Stored data:
☆ ☆ ☆ ☆ ☆ ☆ ☆

Lemma packing_or_hitting_set N :
  (exists fam, packing fam N) \/ (exists2 S : {set T}, #|S| <= k * N & hits S).
Proof.
elim: N => [|N [[fam [famP famD]]|[S cS hitS]]].
- case: (pickP (fun _ : T => true)) => [z _|T0].
    by left; exists (fun _ _ => z); split.
  by right; exists set0 => [|x]; [rewrite cards0 | have := T0 (x 0)].
- pose S := [set fam (nat_of_ord ip.1) (nat_of_ord ip.2) | ip : 'I_N * 'I_k].
  have cS : #|S| <= k * N.+1.
    by apply: leq_trans (leq_imset_card _ _) _; rewrite card_prod !card_ord; lia.
  have famS i p : i < N -> p < k -> fam i p \in S.
    by move=> hi hp; apply/imsetP; exists (Ordinal hi, Ordinal hp).
  case: (classic (exists2 x, P x & forall p, p < k -> x p \notin S)) => [[x Px xS]|];
    last first.
    move=> nx; right; exists S => // x Px.
    case: (boolP (has (fun p => x p \in S) (iota 0 k))) => [/hasP[p]|nh].
      by rewrite mem_iota => /andP[_ hp] xpS; exists p.
    case: nx; exists x => // p hp; apply: contra nh => xpS.
    by apply/hasP; exists p; rewrite ?mem_iota.
  left; exists (fun i => if i == N then x else fam i); split.
    by move=> i hi; case: (i =P N) => // /eqP iN; apply: famP; lia.
  move=> i j p q hi hj hp hq ij.
  case: (i =P N) => [iN|/eqP iN]; case: (j =P N) => [jN|/eqP jN].
  + by rewrite iN jN eqxx in ij.
  + by apply: contraNneq (xS p hp) => ->; apply: famS => //; lia.
  + by apply: contraNneq (xS q hq) => <-; apply: famS => //; lia.
  + by apply: famD => //; lia.
- by right; exists S => //; apply: leq_trans cS _; lia.
Qed.

End Packing.

Definition adj_pattern k := {ffun 'I_k * 'I_k -> bool}.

☆ ☆ ☆ ☆ ☆ ☆ ☆

(Exercise directions): Return only the lines between the one holding "have famS i" and the one holding "case: (i =P N) => [iN|/eqP", inclusive, exactly as they appear above.

(Answer area):
  have famS i p : i < N -> p < k -> fam i p \in S.
    by move=> hi hp; apply/imsetP; exists (Ordinal hi, Ordinal hp).
  case: (classic (exists2 x, P x & forall p, p < k -> x p \notin S)) => [[x Px xS]|];
    last first.
    move=> nx; right; exists S => // x Px.
    case: (boolP (has (fun p => x p \in S) (iota 0 k))) => [/hasP[p]|nh].
      by rewrite mem_iota => /andP[_ hp] xpS; exists p.
    case: nx; exists x => // p hp; apply: contra nh => xpS.
    by apply/hasP; exists p; rewrite ?mem_iota.
  left; exists (fun i => if i == N then x else fam i); split.
    by move=> i hi; case: (i =P N) => // /eqP iN; apply: famP; lia.
  move=> i j p q hi hj hp hq ij.
  case: (i =P N) => [iN|/eqP iN]; case: (j =P N) => [jN|/eqP jN].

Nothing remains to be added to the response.